* Description of the task
Take the data below and copy exactly the lines starting at the one with "(exists X, C X /\ X x)" and finishing at the one with "- by exists", both included.

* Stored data
####################
Lemma mf_solution_cayley (b : R) (z : nat) (x : R) : 1 < x ->
  mf_solution b z (cayley x) <-> gap (z - 1) b x = 0.
Proof.
  intros hx. unfold mf_solution, gap.
  rewrite mf_rhs_as_cayley, Delta_cayley, Ropp_involutive by lra.
  pose proof (cayley_bounds x hx). pose proof (exp_pos (b * ratio (z - 1) x)).
  split.
  - intros [_ e]. apply cayley_inj in e; [|lra|lra].
    assert (ln x = b * ratio (z - 1) x) by (rewrite e at 1; apply ln_exp).
    lra.
  - intros e. split; [lra|]. f_equal.
    rewrite <- (exp_ln x) at 1 by lra. f_equal. lra.
Qed.

Lemma mf_solution_0 (b : R) (z : nat) : mf_solution b z 0.
Proof.
  split; [lra|]. unfold mf_rhs, Defs.Delta.
  rewrite Rplus_0_r, Rminus_0_r, Rminus_diag, Rmult_0_r, exp_0. field.
Qed.

Lemma mf_solution_iff (b : R) (z : nat) (u : R) : mf_solution b z u <->
  u = 0 \/ exists x, 1 < x /\ gap (z - 1) b x = 0 /\ u = cayley x.
Proof.
  split.
  - intros hu. destruct (Req_dec u 0) as [-> | hu0]; [left; reflexivity | right].
    destruct (proj1 hu) as [hu_ge0 hu_lt1].
    assert (hu_pos : 0 < u) by (destruct hu_ge0 as [h | h]; [exact h | congruence]).
    set (x := (1 + u) / (1 - u)).
    assert (hux : u = cayley x) by (symmetry; apply cayley_surj; lra).
    assert (hx : 1 < x) by (apply Rlt_div_r; lra).
    exists x. split; [exact hx | split; [| exact hux]].
    apply mf_solution_cayley; [exact hx|]. rewrite <- hux. exact hu.
  - intros [-> | [x [hx [e ->]]]];
      [apply mf_solution_0 | apply mf_solution_cayley; assumption].
Qed.
Theorem lemma5p5 (z : nat) (hz : (4 < z)%nat) :
  exists beta0 beta1 : R,
    0 < beta0 < beta1 /\
    (forall beta, 0 < beta < beta0 ->
       forall u, mf_solution beta z u -> u = 0) /\
    (forall beta, beta0 < beta < beta1 ->
       exists u1 u2, 0 < u1 < u2 /\ u2 < 1 /\
         mf_solution beta z u1 /\ mf_solution beta z u2 /\
         forall u, mf_solution beta z u -> u = 0 \/ u = u1 \/ u = u2) /\
    (forall beta, beta = beta0 \/ beta1 <= beta ->
       exists u2, 0 < u2 < 1 /\ mf_solution beta z u2 /\
         forall u, mf_solution beta z u -> u = 0 \/ u = u2).
Proof.
  assert (hn : (4 <= z - 1)%nat) by lia.
  destruct (crit_attains_min (z - 1) hn) as [x0 [hx0 [hbelow hmin]]].
  exists (crit (z - 1) x0), (beta1 (z - 1)).
  split; [split; [apply crit_pos; assumption | exact hbelow] | split; [| split]].
  - intros b hb u [-> | [x [hx [e _]]]]%mf_solution_iff; [reflexivity|].
    destruct (gap_no_zero_below_min _ hn x0 hmin b x (proj2 hb) hx e).
  - intros b hb.
    destruct (gap_two_zeros _ hn x0 hx0 b hb) as [x1 [x2 [hx12 [e1 [e2 huniq]]]]].
    pose proof (cayley_bounds x1 ltac:(lra)). pose proof (cayley_bounds x2 ltac:(lra)).
    exists (cayley x1), (cayley x2).
    split; [split; [lra | apply cayley_lt; lra] | split; [lra | split; [| split]]].
    + apply mf_solution_cayley; [lra | exact e1].
    + apply mf_solution_cayley; [lra | exact e2].
    + intros u [-> | [x [hx [e ->]]]]%mf_solution_iff; [left; reflexivity | right].
      destruct (huniq x hx e) as [-> | ->]; [left | right]; reflexivity.
  - intros b hb.
    destruct (gap_unique_zero _ hn x0 hx0 hbelow hmin b hb) as [x2 [hx2 [e2 huniq]]].
    exists (cayley x2).
    split; [apply cayley_bounds, hx2 | split; [apply mf_solution_cayley; assumption |]].
    intros u [-> | [x [hx [e ->]]]]%mf_solution_iff; [left; reflexivity | right].
    rewrite (huniq x hx e). reflexivity.
Qed.
Lemma quasi_maximal_of_fg_star_strict M : fg_star_strict D st ->
  maximal_ideal D M -> nonzero M -> quasi_maximal D (star_f D st) M.
Proof.
move=> strict [hM Mp Mmax] Mn; have hstM := star_f_submod hD hst hM.1 Mn.
have qM : (fun x => star_f D st M x /\ D x) = M.
  apply: Mmax.
  - split; last by move=> x [].
    split=> [|x y [stx Dx] [sty Dy]|r x Dr [stx Dx]].
    + by split; [apply: submod0 hstM | apply: subring0].
    + by split; [apply: submodD hstM stx sty | apply: subringD].
    + by split; [apply: submodM hstM Dr stx | apply: subringM].
  - by move=> DM; apply: (star_f_not1 strict hM Mp); case: (DM 1 (subring1 hD)).
  - by move=> x Mx; split; [apply: star_f_ext hM.1 Mn _ Mx | apply: hM.2].
split; [by split | by [] | by move=> I [hI _ _] Ip MI; apply: Mmax].
Qed.

End FgStarStrict.

Section Chains.
Variables (T : Type) (C : (T -> Prop) -> Prop) (X1 : T -> Prop).
Hypotheses (CX1 : C X1)
  (Ctot : forall X Y, C X -> C Y -> (forall t, X t -> Y t) \/ (forall t, Y t -> X t)).

Lemma chain_common_member n (b : nat -> T) :
  (forall i, exists X, C X /\ X (b i)) ->
  exists X, C X /\ forall i, (i < n)%N -> X (b i).
Proof.
move=> Cb; elim: n => [|n [X [CX Xb]]]; first by exists X1.
have [Y [CY Ybn]] := Cb n.
have lt_Sn i : (i < n.+1)%N -> i = n \/ (i < n)%N.
  by rewrite ltnS leq_eqVlt => /orP[/eqP|]; [left | right].
case: (Ctot CX CY) => sub; [exists Y | exists X]; split => // i /lt_Sn[->|] //.
- by move/Xb; apply: sub.
- exact: sub.
- exact: Xb.
Qed.

Lemma chain_common_member2 x y :
  (exists X, C X /\ X x) -> (exists X, C X /\ X y) -> exists X, [/\ C X, X x & X y].
Proof.
move=> Cx Cy; pose b i := if i == 0%N then x else y.
have [|X [CX Xb]] := chain_common_member 2 (b := b); first by case.
by exists X; split => //; [apply: (Xb 0%N) | apply: (Xb 1%N)].
Qed.

End Chains.

Section Maximal.
Variables (K : fieldType) (D : K -> Prop).
Hypothesis hD : subring D.

Lemma maximal_ideal_over I : kideal D I -> kproper D I ->
  exists M, maximal_ideal D M /\ ksubset I M.
Proof.
move=> hI Ip.
pose P X := [/\ kideal D X, ksubset I X & ~ X 1].
have [M [[hM IM M1] Mmax]] : exists M, P M /\ forall B, P B -> ksubset M B -> B = M.
  apply: (zorn_chain_union (X0 := I)); first by split=> //; apply/(kproper_not1 hD hI).
  move=> C PC Ctot [X1 CX1]; have common2 := chain_common_member2 CX1 Ctot.
  split; [split; [split|] | |].
  - by exists X1; split => //; case: (PC X1 CX1) => -[/submod0].
  - move=> x y Cx Cy; have [X [CX Xx Xy]] := common2 _ _ Cx Cy.
    by exists X; split => //; case: (PC X CX) => -[hX _] _ _; apply: submodD hX Xx Xy.
  - move=> r x Dr [X [CX Xx]]; exists X; split => //.
    by case: (PC X CX) => -[hX _] _ _; apply: submodM hX Dr Xx.
  - by move=> x [X [CX Xx]]; case: (PC X CX) => -[_ XD] _ _; apply: XD.
  - by move=> x Ix; exists X1; split => //; case: (PC X1 CX1) => _ + _; apply.
  - by move=> [X [CX X_1]]; case: (PC X CX) => _ _; apply.
exists M; split => //; split => //; first by apply/(kproper_not1 hD hM).
move=> J hJ Jp MJ; apply: Mmax => //; split => //; first by move=> x /IM /MJ.
by apply/(kproper_not1 hD hJ).
Qed.

Variable st : (K -> Prop) -> K -> Prop.
Hypothesis hst : semistar D st.

Lemma star_f_strict_of_quasi_maximal :
  (forall M, maximal_ideal D M -> nonzero M -> quasi_maximal D (star_f D st) M) ->
  forall I, kideal D I -> nonzero I -> kproper D I -> kstrict_subset (star_f D st I) (st D).
Proof.
move=> qmax I hI In Ip; split; first exact: star_f_le_full hI.2.
move=> eI; have [M [Mmax IM]] := maximal_ideal_over hI Ip; have [hM Mp _] := Mmax.
have Mn : nonzero M by case: In => x [Ix x0]; exists x; split => //; apply: IM.
have [[_ _ qM] _ _] := qmax M Mmax Mn.
apply: (kproper_not1 hD hM).1 Mp _; rewrite -qM; split; last exact: subring1.
by apply: star_f_mono IM _ _; rewrite eI; apply: semistar_full1.
Qed.

End Maximal.

Section Valuation.
Variables (K : fieldType) (V : K -> Prop).
Hypotheses (hV : subring V) (Vval : forall x : K, x != 0 -> V x \/ V x^-1).

Lemma valuation_seq_divisor (s : seq K) :
  exists x, (x = 0 \/ x \in s) /\ forall y, y \in s -> kscale x V y.
Proof.
have div_self z : kscale z V z by exists 1; rewrite mulr1; split; first exact: subring1.
have div0 z : kscale z V 0 by exists 0; rewrite mulr0; split; first exact: subring0.
elim: s => [|a s [x [xs xdiv]]]; first by exists 0; split; [left|].
case: (eqVneq a 0) => [->|a0].
  exists x; split; first by case: xs => xs; [left | right; rewrite inE xs orbT].
  by move=> y; rewrite inE => /orP[/eqP -> | /xdiv].
case: (eqVneq x 0) => [x0|x0].
  exists a; split=> [|y]; first by right; rewrite inE eqxx.
  rewrite inE => /orP[/eqP -> // | /xdiv[e [_ ->]]].
  by rewrite x0 mul0r.
have ax0 : a / x != 0 by rewrite mulf_neq0 ?invr_eq0.
case: (Vval ax0) => [Vax | ]; last rewrite invf_div => Vxa.
  exists x; split; first by case: xs => xs; [left | right; rewrite inE xs orbT].
  move=> y; rewrite inE => /orP[/eqP -> | /xdiv //].
  by exists (a / x); rewrite [x * _]mulrC divfK.
exists a; split=> [|y]; first by right; rewrite inE eqxx.
rewrite inE => /orP[/eqP -> // | /xdiv[e [Ve ->]]].
by exists (x / a * e); rewrite mulrA [a * _]mulrC divfK //; split; first exact: subringM.
Qed.

Lemma valuation_prodm_principal (D : K -> Prop) (s : seq K) : subring D -> ksubset D V ->
  nonzero (fspan D s) ->
  exists x, [/\ x != 0, fspan D s x & ksubset (prodm (fspan D s) V) (kscale x V)].
Proof.
move=> hD DV /fspan_nonzero[y [ys y0]].
have [x [xs xdiv]] := valuation_seq_divisor s.
have x0 : x != 0.
  by apply: contraNneq y0 => x0; have [e [_ ->]] := xdiv y ys; rewrite x0 mul0r.
have {}xs : x \in s by case: xs => // /eqP; rewrite (negbTE x0).
exists x; split => //; first exact: fspan_mem.
apply: prodm_sub (kscale_submod x hV) _.
exact: fspan_sub (submod_restrict (kscale_submod x hV) DV) xdiv.
Qed.

End Valuation.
####################
* Reply
  (exists X, C X /\ X x) -> (exists X, C X /\ X y) -> exists X, [/\ C X, X x & X y].
Proof.
move=> Cx Cy; pose b i := if i == 0%N then x else y.
have [|X [CX Xb]] := chain_common_member 2 (b := b); first by case.
by exists X; split => //; [apply: (Xb 0%N) | apply: (Xb 1%N)].
Qed.

End Chains.

Section Maximal.
Variables (K : fieldType) (D : K -> Prop).
Hypothesis hD : subring D.

Lemma maximal_ideal_over I : kideal D I -> kproper D I ->
  exists M, maximal_ideal D M /\ ksubset I M.
Proof.
move=> hI Ip.
pose P X := [/\ kideal D X, ksubset I X & ~ X 1].
have [M [[hM IM M1] Mmax]] : exists M, P M /\ forall B, P B -> ksubset M B -> B = M.
  apply: (zorn_chain_union (X0 := I)); first by split=> //; apply/(kproper_not1 hD hI).
  move=> C PC Ctot [X1 CX1]; have common2 := chain_common_member2 CX1 Ctot.
  split; [split; [split|] | |].
  - by exists X1; split => //; case: (PC X1 CX1) => -[/submod0].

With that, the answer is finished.